Stored data entries
(* Consider the $\mathrm{Top}\text{-}\ell$ version of fault-tolerant ordered $k$-median, fix an optimal solution with optimal value $\mathsf{OPT}$, and let $T_\ell=\vec{\xi}^\downarrow_\ell$ be the $\ell$-th largest individual connection distance in that optimal solution. Then the following linear program (Top-LP), in variables $x_{ij}$ ($i\in\mathcal{F},j\in\mathcal{C}$), $y_i$ ($i\in\mathcal{F}$), $R_\ell$, is feasible and its optimal value satisfies $R_\ell\le\mathsf{OPT}$: minimize $R_\ell\geq0$ subject to $\sum_{j\in\mathcal{C}}\sum_{i\in\mathcal{F}}x_{ij}\mathcal{L}_{1.001\cdot T_\ell}(i,j)\le R_\ell$; $\sum_{j\in S}\sum_{i\in\mathcal{F}}x_{ij}d(i,j)\le R_\ell$ for all $S\subseteq\mathcal{C}$ with $|S|=\ell$; $\sum_{i\in\mathcal{F}}x_{ij}=r_j$ for all $j\in\mathcal{C}$; $\sum_{i\in\mathcal{F}}y_i=k$; $0\le x_{ij}\le y_i\le1$ for all $i\in\mathcal{F},j\in\mathcal{C}$.
   Context: Fault-tolerant ordered $k$-median: given finite facility set $\mathcal{F}$, finite client set $\mathcal{C}$ with $n=|\mathcal{C}|$, a metric $d$ on $\mathcal{F}\cup\mathcal{C}$, $k\in\mathbb{Z}_+$, requirements $r_j\in\mathbb{Z}_+$ for $j\in\mathcal{C}$, and a non-increasing non-negative $w\in\mathbb{R}^n$. A solution opens a set $F\subseteq\mathcal{F}$ of at most $k$ facilities; each client $j$ is connected to its $r_j$ nearest (distinct) open facilities, with service cost $d_{r_j}(j,F)=\min_{S'\subseteq F,|S'|=r_j}\sum_{i\in S'}d(i,j)$; the objective is $w^\top\vec{c}^\downarrow$ with $\vec{c}=(d_{r_j}(j,F):j\in\mathcal{C})$ sorted non-increasingly. In the $\mathrm{Top}\text{-}\ell$ version ($\ell\in[n]$), $w$ consists of $\ell$ ones followed by zeros, so the objective is the sum of the $\ell$ largest service costs. The individual connection cost vector $\vec{\xi}$ of a solution is the vector of distances $d(i,j)$ over all pairs where client $j$ is connected to facility $i$; $\vec{\xi}^\downarrow$ is it sorted non-increasingly. For $T\geq0$, $\mathcal{L}_T(i,j)=d(i,j)$ if $d(i,j)\geq T$ and $0$ otherwise. *)

From HB Require Import structures.
From mathcomp Require Import all_boot all_order all_algebra.
Set Implicit Arguments. Unset Strict Implicit. Unset Printing Implicit Defensive.
Import Order.TTheory GRing.Theory Num.Theory.
Local Open Scope ring_scope.

Definition is_metric (R : realFieldType) (X : Type) (d : X -> X -> R) : Prop :=
  [/\ forall x y, 0 <= d x y,
      forall x y, d x y = 0 <-> x = y,
      forall x y, d x y = d y x
    & forall x y z, d x z <= d x y + d y z].

Section Defs.
Variables (R : realFieldType) (I J : finType) (d : I + J -> I + J -> R).

Definition dfc (i : I) (j : J) : R := d (inl i) (inr j).

(* The iterated min is seeded with sum_{i in F} d(i,j), which (distances being
   nonnegative) is >= every candidate, so when some S' exists (r <= |F|) this is
   exactly the minimum over the candidates. *)
Definition serv_cost (F : {set I}) (r : nat) (j : J) : R :=
  \big[Num.min/(\sum_(i in F) dfc i j)]_(S : {set I} | (S \subset F) && (#|S| == r))
     \sum_(i in S) dfc i j.

Definition feasible_sol (k : nat) (r : J -> nat) (F : {set I}) : Prop :=
  (#|F| <= k)%N /\ forall j, (r j <= #|F|)%N.

Definition sort_desc (s : seq R) : seq R := sort (fun a b => b <= a) s.

Definition ordered_cost (w : nat -> R) (r : J -> nat) (F : {set I}) : R :=
  \sum_(t < #|J|) w t * nth 0 (sort_desc [seq serv_cost F (r j) j | j <- enum J]) t.

Definition top_w (l : nat) : nat -> R := fun t => if (t < l)%N then 1 else 0.

Definition is_optimal (k : nat) (r : J -> nat) (w : nat -> R) (F : {set I}) : Prop :=
  feasible_sol k r F /\
  forall F', feasible_sol k r F' -> ordered_cost w r F <= ordered_cost w r F'.

Definition valid_connection (r : J -> nat) (F : {set I}) (sigma : J -> {set I}) : Prop :=
  forall j, [/\ sigma j \subset F, #|sigma j| = r j
              & \sum_(i in sigma j) dfc i j = serv_cost F (r j) j].

Definition conn_vec_desc (sigma : J -> {set I}) : seq R :=
  sort_desc [seq dfc p.1 p.2 | p <- enum [pred p : I * J | p.1 \in sigma p.2]].

Definition xi_desc (sigma : J -> {set I}) (l : nat) : R :=
  nth 0 (conn_vec_desc sigma) l.-1.

Definition LT (T : R) (i : I) (j : J) : R := if T <= dfc i j then dfc i j else 0.

Definition topLP_feasible (k l : nat) (r : J -> nat) (T : R)
    (x : I -> J -> R) (y : I -> R) (Rl : R) : Prop :=
  0 <= Rl /\
  [/\ \sum_(j : J) \sum_(i : I) x i j * LT T i j <= Rl,
      forall S : {set J}, #|S| = l -> \sum_(j in S) \sum_(i : I) x i j * dfc i j <= Rl,
      forall j, \sum_(i : I) x i j = (r j)%:R,
      \sum_(i : I) y i = k%:R
    & forall i j, [/\ 0 <= x i j, x i j <= y i & y i <= 1]].

End Defs.

From HB Require Import structures.
From mathcomp Require Import all_boot all_order all_algebra.
From mathcomp Require Import lra zify.
Set Implicit Arguments. Unset Strict Implicit. Unset Printing Implicit Defensive.
Import Order.TTheory GRing.Theory Num.Theory.
Local Open Scope ring_scope.

(* The optimal solution itself is feasible for (Top-LP) with R_l = OPT: put
   x_ij = 1 iff j is connected to i, open Fopt fully and spread the remaining
   budget k - |Fopt| evenly over the other facilities. Any l clients cost at
   most the sum of the l largest service costs, which is OPT. For the first
   constraint, L_{1.001 T_l} only charges connections strictly longer than
   T_l = xi_l, and fewer than l connections are strictly longer than the l-th
   largest one; so that sum is again the cost of fewer than l clients. *)

Section SortDesc.
Variable R : realFieldType.

Lemma sort_desc_sorted (s : seq R) : sorted (fun a b => b <= a) (sort_desc s).
Proof. by apply: sort_sorted => a b; exact: le_total. Qed.

Lemma nth_sort_desc_le (s : seq R) i j : (i <= j < size (sort_desc s))%N ->
  nth 0 (sort_desc s) j <= nth 0 (sort_desc s) i.
Proof.
move=> /andP[ij js]; apply: (sorted_leq_nth _ _ _ (sort_desc_sorted s)) => //.
- by move=> a b c /= ba cb; exact: le_trans cb ba.
- by rewrite inE (leq_ltn_trans ij js).
Qed.

Lemma count_gt_nth_sort_desc (s : seq R) m :
  (count (fun v => (nth 0 (sort_desc s) m < v)%R) s <= m)%N.
Proof.
rewrite -(count_sort (fun a b : R => b <= a)) -/(sort_desc s); set th := nth 0 _ m.
rewrite -(cat_take_drop m (sort_desc s)) count_cat.
have -> : count (fun v => th < v) (drop m (sort_desc s)) = 0%N.
  apply/eqP; rewrite -leqn0 leqNgt -has_count; apply/hasPn => v /(nthP 0) [t].
  rewrite size_drop nth_drop => t_lt <-; rewrite -leNgt nth_sort_desc_le //.
  by rewrite leq_addr -ltn_subRL; exact: t_lt.
by rewrite addn0 (leq_trans (count_size _ _)) // size_take_min geq_minl.
Qed.

Lemma top_sum_threshold (s : seq R) l : (0 < l <= size s)%N ->
  let th := nth 0 (sort_desc s) l.-1 in
  \sum_(t < size s) top_w R l t * nth 0 (sort_desc s) t =
  \sum_(v <- s) Num.max (v - th) 0 + th *+ l.
Proof.
move=> /andP[l_gt0 ls] th; set s' := sort_desc s.
have size_s' : size s' = size s by rewrite size_sort.
pose g v := Num.max (v - th) 0.
rewrite -(big_mkord xpredT (fun t => top_w R l t * nth 0 s' t)).
rewrite (@big_cat_nat _ _ _ l 0 (size s)) //=.
rewrite (eq_big_nat _ _ (F2 := fun t => g (nth 0 s' t) + th)); last first.
  move=> t /andP[_ tl]; rewrite /top_w tl mul1r /g max_l ?subrK // subr_ge0.
  by apply: nth_sort_desc_le; rewrite size_s'; lia.
rewrite [X in _ + X](eq_big_nat _ _ (F2 := fun t => g (nth 0 s' t))); last first.
  move=> t /andP[lt ts]; rewrite /top_w ltnNge lt mul0r /g max_r // subr_le0.
  by apply: nth_sort_desc_le; rewrite size_s'; lia.
rewrite big_split /= sumr_const_nat subn0 addrAC -big_cat_nat //= -size_s'.
by rewrite -(big_nth 0 xpredT g) (perm_big _ (permEl (perm_sort _ _))).
Qed.

Lemma sum_le_top_sum (J : finType) (f : J -> R) l (Q : {set J}) :
  (forall j, 0 <= f j) -> (0 < l <= #|J|)%N -> (#|Q| <= l)%N ->
  \sum_(j in Q) f j <=
  \sum_(t < #|J|) top_w R l t * nth 0 (sort_desc [seq f j | j <- enum J]) t.
Proof.
move=> f_ge0 lJ Ql; set s := [seq f j | j <- enum J].
have size_s : size s = #|J| by rewrite size_map -cardE.
rewrite -size_s top_sum_threshold ?size_s //=; set th := nth 0 _ l.-1.
have th_ge0 : 0 <= th.
  have : th \in sort_desc s by apply: mem_nth; rewrite size_sort size_s; lia.
  by rewrite mem_sort => /mapP [j _ ->].
rewrite big_map big_enum /=.
apply: (@le_trans _ _ (\sum_(j in Q) (Num.max (f j - th) 0 + th))).
  by apply: ler_sum => j _; rewrite -lerBlDr le_max lexx.
rewrite big_split /= sumr_const; apply: lerD.
  rewrite [leRHS](bigID (mem Q)) /= lerDl.
  by apply: sumr_ge0 => j _; rewrite le_max lexx orbT.
by rewrite -(subnKC Ql) mulrnDr lerDl mulrn_wge0.
Qed.

End SortDesc.

Lemma fractional_opening (R : realFieldType) (I : finType) (F : {set I}) (k : nat) :
  (#|F| <= k <= #|I|)%N ->
  exists y : I -> R,
    [/\ forall i, i \in F -> y i = 1, forall i, 0 <= y i <= 1 & \sum_i y i = k%:R].
Proof.
move=> /andP[Fk kI].
have card_closed : #|[predC F]| = (#|I| - #|F|)%N by rewrite -(cardC F) addKn.
pose c : R := (k - #|F|)%:R / (#|I| - #|F|)%:R.
exists (fun i => if i \in F then 1 else c); split.
- by move=> i ->.
- move=> i; case: ifP => _; rewrite ?ler01 ?lexx //.
  rewrite divr_ge0 //= /c; have [->|closed_gt0] := posnP (#|I| - #|F|).
    by rewrite invr0 mulr0.
  by rewrite ler_pdivrMr ?ltr0n // mul1r ler_nat; lia.
rewrite (bigID (mem F)) /= (eq_bigr (fun=> 1)) => [|i ->] //.
rewrite (eq_bigr (fun=> c)) => [|i /negbTE ->] //.
rewrite !sumr_const card_closed.
have [closed0|closed_gt0] := posnP (#|I| - #|F|).
  by rewrite closed0 mulr0n addr0; congr _%:R; lia.
by rewrite -[X in _ + X]mulr_natr /c mulfVK ?pnatr_eq0 -?lt0n // -natrD subnKC.
Qed.

Lemma sum_indicator (R : pzSemiRingType) (I : finType) (A : {set I}) (h : I -> R) :
  \sum_i (i \in A)%:R * h i = \sum_(i in A) h i.
Proof.
rewrite [RHS]big_mkcond; apply: eq_bigr => i _.
by case: (i \in A); rewrite ?mul1r ?mul0r.
Qed.

Section TopLP.
Variables (R : realFieldType) (I J : finType) (d : I + J -> I + J -> R).
Hypothesis dfc_ge0 : forall i j, 0 <= dfc d i j.

Lemma LT_le T i j : LT d T i j <= dfc d i j.
Proof. by rewrite /LT; case: ifP. Qed.

(* The factor [c > 1] (the paper's 1.001) is what makes [L_{cT}] vanish also
   on distances equal to [T]. *)
Lemma LT_scale_eq0 T c i j : 0 <= T -> 1 < c -> dfc d i j <= T -> LT d (c * T) i j = 0.
Proof.
move=> T_ge0 c_gt1 dT; rewrite /LT; case: ifP => // cTd.
by apply/eqP; rewrite eq_le; apply/andP; split; nra.
Qed.

Lemma xi_desc_ge0 sigma l : 0 <= xi_desc d sigma l.
Proof.
rewrite /xi_desc; set s := conn_vec_desc d sigma.
have [lt_s|] := ltnP l.-1 (size s); last by move=> ?; rewrite nth_default.
by move: (mem_nth 0 lt_s); rewrite mem_sort => /mapP [p _ ->].
Qed.

Definition long_clients (sigma : J -> {set I}) (T : R) : {set J} :=
  [set j | [exists i in sigma j, T < dfc d i j]].

Lemma card_long_clients sigma l :
  (#|long_clients sigma (xi_desc d sigma l)| <= l.-1)%N.
Proof.
set T := xi_desc d sigma l.
pose conn := [pred p : I * J | p.1 \in sigma p.2].
pose long := [set p : I * J | conn p && (T < dfc d p.1 p.2)].
have long_proj : long_clients sigma T \subset [set p.2 | p in long].
  apply/subsetP => j; rewrite inE => /existsP [i /andP[iS Td]].
  by apply/imsetP; exists (i, j); rewrite // inE /= iS Td.
have card_long : #|long| = count (fun v => T < v) [seq dfc d p.1 p.2 | p <- enum conn].
  rewrite count_map -size_filter -(card_uniqP _); last by rewrite filter_uniq ?enum_uniq.
  by apply: eq_card => p; rewrite inE mem_filter mem_enum andbC.
rewrite (leq_trans (subset_leq_card long_proj)) // (leq_trans (leq_imset_card _ _)) //.
by rewrite card_long count_gt_nth_sort_desc.
Qed.

End TopLP.

Theorem lemma4 (R : realFieldType) (I J : finType) (d : I + J -> I + J -> R)
    (k : nat) (r : J -> nat) (l : nat) (Fopt : {set I}) (sigma : J -> {set I}) :
  is_metric d ->
  (0 < k)%N -> (k <= #|I|)%N ->
  (forall j, (0 < r j)%N) ->
  (1 <= l <= #|J|)%N ->
  is_optimal d k r (top_w R l) Fopt ->
  valid_connection d r Fopt sigma ->
  exists (x : I -> J -> R) (y : I -> R) (Rl : R),
    topLP_feasible d k l r ((1001%:R / 1000%:R) * xi_desc d sigma l) x y Rl /\
    Rl <= ordered_cost d (top_w R l) r Fopt.
Proof.
move=> [d_ge0 _ _ _] _ kI _ lJ [[Fk _] _] conn.
have dfc_ge0 i j : 0 <= dfc d i j by exact: d_ge0.
set OPT := ordered_cost _ _ _ _.
have costE j : serv_cost d Fopt (r j) j = \sum_(i in sigma j) dfc d i j.
  by case: (conn j).
have le_OPT (Q : {set J}) : (#|Q| <= l)%N ->
    \sum_(j in Q) \sum_(i in sigma j) dfc d i j <= OPT.
  move=> Ql; under eq_bigr do rewrite -costE.
  apply: sum_le_top_sum => // j; rewrite costE; exact: sumr_ge0.
have Fk_kI : (#|Fopt| <= k <= #|I|)%N by rewrite Fk kI.
have [y [y_open y01 sum_y]] := fractional_opening R Fk_kI.
exists (fun i j => (i \in sigma j)%:R), y, OPT; split => //; split.
  by have := le_OPT set0; rewrite cards0 big_set0; apply.
split.
- set T := xi_desc d sigma l.
  have long_le_l : (#|long_clients d sigma T| <= l)%N.
    exact: leq_trans (card_long_clients d sigma l) (leq_pred _).
  apply: le_trans (le_OPT _ long_le_l).
  rewrite [leRHS]big_mkcond; apply: ler_sum => j _; rewrite sum_indicator //.
  case: ifPn => [_|short]; first by apply: ler_sum => i _; exact: LT_le.
  rewrite big1 // => i iS; apply: LT_scale_eq0; rewrite ?xi_desc_ge0 //; first lra.
  by move: short; rewrite inE negb_exists => /forallP /(_ i); rewrite iS -leNgt.
- move=> S card_S; apply: le_trans (le_OPT S _); last by rewrite card_S.
  by apply: ler_sum => j _; rewrite sum_indicator.
- move=> j; under eq_bigr do rewrite -[_%:R]mulr1.
  by rewrite sum_indicator sumr_const; case: (conn j) => _ ->.
- exact: sum_y.
- move=> i j; have /andP[y_ge0 y_le1] := y01 i; split => //.
  case iS: (i \in sigma j) => //.
  by rewrite y_open //; case: (conn j) => /subsetP sub _ _; exact: sub.
Qed.
Lemma cross_scale k l a b : cross F (scale k a) (scale l b) = scale (k * l) (cross F a b).
Proof. by case: a b => [[? ?] ?] [[? ?] ?]; congr (_, _, _); ring. Qed.

Lemma dot_scale k l a b : dot F (scale k a) (scale l b) = k * l * dot F a b.
Proof. by case: a b => [[? ?] ?] [[? ?] ?] /=; ring. Qed.

Lemma dotC a b : dot F a b = dot F b a.
Proof. by case: a b => [[? ?] ?] [[? ?] ?] /=; ring. Qed.

Lemma pnorm_scale k v : k != 0 -> pnorm F (scale k v) = pnorm F v.
Proof.
case: v => [[x y] z] k0; rewrite /= /pnorm !mulf_eq0 (negbTE k0) /=.
have [->|x0] := eqVneq x 0; last by congr (_, _, _); field; rewrite k0 x0.
have [->|y0] := eqVneq y 0; first by [].
by congr (_, _, _); field; rewrite k0 y0.
Qed.

Lemma mk_scale k v : k != 0 -> mk F (scale k v) = mk F v.
Proof. by move=> k0; rewrite /mk pnorm_scale. Qed.

Lemma pnorm_scaled v : v != vec0 -> exists2 k, k != 0 & pnorm F v = scale k v.
Proof.
case: v => [[x y] z]; rewrite /pnorm.
have [->|x0] := eqVneq x 0; last first.
  by exists x^-1; rewrite ?invr_eq0 //= mulVf // mulrC [z / x]mulrC.
have [->|y0] := eqVneq y 0; last first.
  by exists y^-1; rewrite ?invr_eq0 //= mulr0 mulVf // mulrC.
have [->|z0] := eqVneq z 0; first by rewrite eqxx.
by exists z^-1; rewrite ?invr_eq0 //= mulr0 mulVf.
Qed.

Lemma val_mk_scaled v : v != vec0 -> exists2 k, k != 0 & val (mk F v) = scale k v.
Proof.
move=> v0; have [k k0 ev] := pnorm_scaled v0.
suff vP : (pnorm F v != vec0) && (pnorm F (pnorm F v) == pnorm F v).
  by exists k; rewrite // /mk val_insubd vP.
by rewrite ev pnorm_scale // ev eqxx scale_eq0 ?v0.
Qed.

Lemma mk_val P : mk F (val P) = P.
Proof.
case: P => v vP; apply: val_inj.
by rewrite /mk val_insubd /= (eqP (proj2 (andP vP))) vP.
Qed.

Lemma proj_neq0 P : val P != vec0.
Proof. by case: P => v /= /andP []. Qed.

Lemma crossvv v : cross F v v = vec0.
Proof. by case: v => [[? ?] ?]; congr (_, _, _); ring. Qed.

Lemma cross_eq0_scaled a b : a != vec0 -> b != vec0 -> cross F a b = vec0 ->
  exists2 k, k != 0 & b = scale k a.
Proof.
case: a b => [[a1 a2] a3] [[b1 b2] b3] a0 b0 [/eqP + /eqP + /eqP +].
rewrite !subr_eq0 => /eqP e1 /eqP e2 /eqP e3.
suff [k ek] : exists k, (b1, b2, b3) = scale k (a1, a2, a3).
  exists k => //; apply: contraNneq b0 => k0.
  by rewrite ek k0 /= !mul0r.
have [a10|a1n] := eqVneq a1 0; last first.
  exists (b1 / a1); congr (_, _, _); apply: (mulfI a1n); rewrite ?e3 -?e2; by field.
have [a20|a2n] := eqVneq a2 0; last first.
  exists (b2 / a2); congr (_, _, _); apply: (mulfI a2n); rewrite ?e1 -?e3; by field.
have a3n : a3 != 0 by move: a0; rewrite a10 a20 !xpair_eqE !eqxx.
exists (b3 / a3); congr (_, _, _); apply: (mulfI a3n); rewrite ?e2 -?e1; by field.
Qed.

Lemma mk_eqP a b : a != vec0 -> b != vec0 ->
  reflect (mk F a = mk F b) (cross F a b == vec0).
Proof.
move=> a0 b0; apply: (iffP eqP) => [/(cross_eq0_scaled a0 b0) [k k0 ->] | eab].
  by rewrite mk_scale.
have [k k0 ea] := val_mk_scaled a0; have [l l0 eb] := val_mk_scaled b0.
have kab : scale k a = scale l b by rewrite -ea -eb eab.
apply/eqP; rewrite -(scale_eq0 _ (mulf_neq0 k0 l0)) -cross_scale kab crossvv.
by rewrite !xpair_eqE !eqxx.
Qed.

Lemma inc_mk a b : a != vec0 -> b != vec0 -> inc F (mk F a) (mk F b) = (dot F a b == 0).
Proof.
move=> a0 b0; have [k k0 ea] := val_mk_scaled a0; have [l l0 eb] := val_mk_scaled b0.
by rewrite /inc ea eb dot_scale !mulf_eq0 (negbTE k0) (negbTE l0).
Qed.

Lemma join_mk a b : a != vec0 -> b != vec0 -> join F (mk F a) (mk F b) = mk F (cross F a b).
Proof.
move=> a0 b0; have [k k0 ea] := val_mk_scaled a0; have [l l0 eb] := val_mk_scaled b0.
by rewrite /join ea eb cross_scale mk_scale // mulf_neq0.
Qed.

Lemma meet_mk a b : a != vec0 -> b != vec0 -> meet F (mk F a) (mk F b) = mk F (cross F a b).
Proof. exact: join_mk. Qed.

Lemma e3_neq0 : ((0, 0, 1) : vec3 F) != vec0.
Proof. by rewrite vec3_neq0z ?oner_eq0. Qed.

Lemma pT_mk : pT F = mk F (0, 0, 1).
Proof. by rewrite -[pT F]mk_val. Qed.

Lemma mT_mk : mT F = mk F (0, 0, 1).
Proof. by rewrite -[mT F]mk_val. Qed.

Lemma join_pT_mk v : v != vec0 -> join F (pT F) (mk F v) = mk F (cross F (0, 0, 1) v).
Proof. by move=> v0; rewrite pT_mk join_mk ?e3_neq0. Qed.

Lemma meet_mT_mk v : v != vec0 -> meet F (mk F v) (mT F) = mk F (cross F v (0, 0, 1)).
Proof. by move=> v0; rewrite mT_mk meet_mk ?e3_neq0. Qed.

Lemma line_through l a b : l != vec0 -> cross F a b != vec0 ->
  dot F a l = 0 -> dot F b l = 0 -> mk F l = mk F (cross F a b).
Proof.
move=> l0 ab0 al bl; apply/mk_eqP => //.
suff -> : cross F l (cross F a b) =
    (a.1.1 * dot F b l - b.1.1 * dot F a l, a.1.2 * dot F b l - b.1.2 * dot F a l,
     a.2 * dot F b l - b.2 * dot F a l).
  by rewrite al bl !mulr0 subrr !xpair_eqE !eqxx.
by case: l a b {l0 ab0 al bl} => [[? ?] ?] [[? ?] ?] [[? ?] ?] /=; congr (_, _, _); ring.
Qed.

Lemma collinear_mkE a b c : a != vec0 -> b != vec0 -> c != vec0 -> cross F a b != vec0 ->
  collinear F (mk F a) (mk F b) (mk F c) = (det a b c == 0).
Proof.
move=> a0 b0 c0 ab0; apply/existsP/idP => [[l /and3P [al bl cl]] | abc].
  rewrite -[l]mk_val !inc_mk ?proj_neq0 // in al bl.
  by rewrite /det -inc_mk // -(line_through (proj_neq0 l) ab0 (eqP al) (eqP bl)) mk_val.
exists (mk F (cross F a b)); rewrite !inc_mk // abc andbT.
by case: a b {a0 b0 ab0 abc} => [[? ?] ?] [[? ?] ?] /=; apply/andP; split; apply/eqP; ring.
Qed.

Lemma concurrent_collinear (l m n : proj F) : concurrent F l m n = collinear F l m n.
Proof. by apply: eq_existsb => X; rewrite /inc !(dotC (val X)). Qed.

### Task goal
Within the entries above, report how many lines include "else", and keep the answer to the number.

### Exercise result
3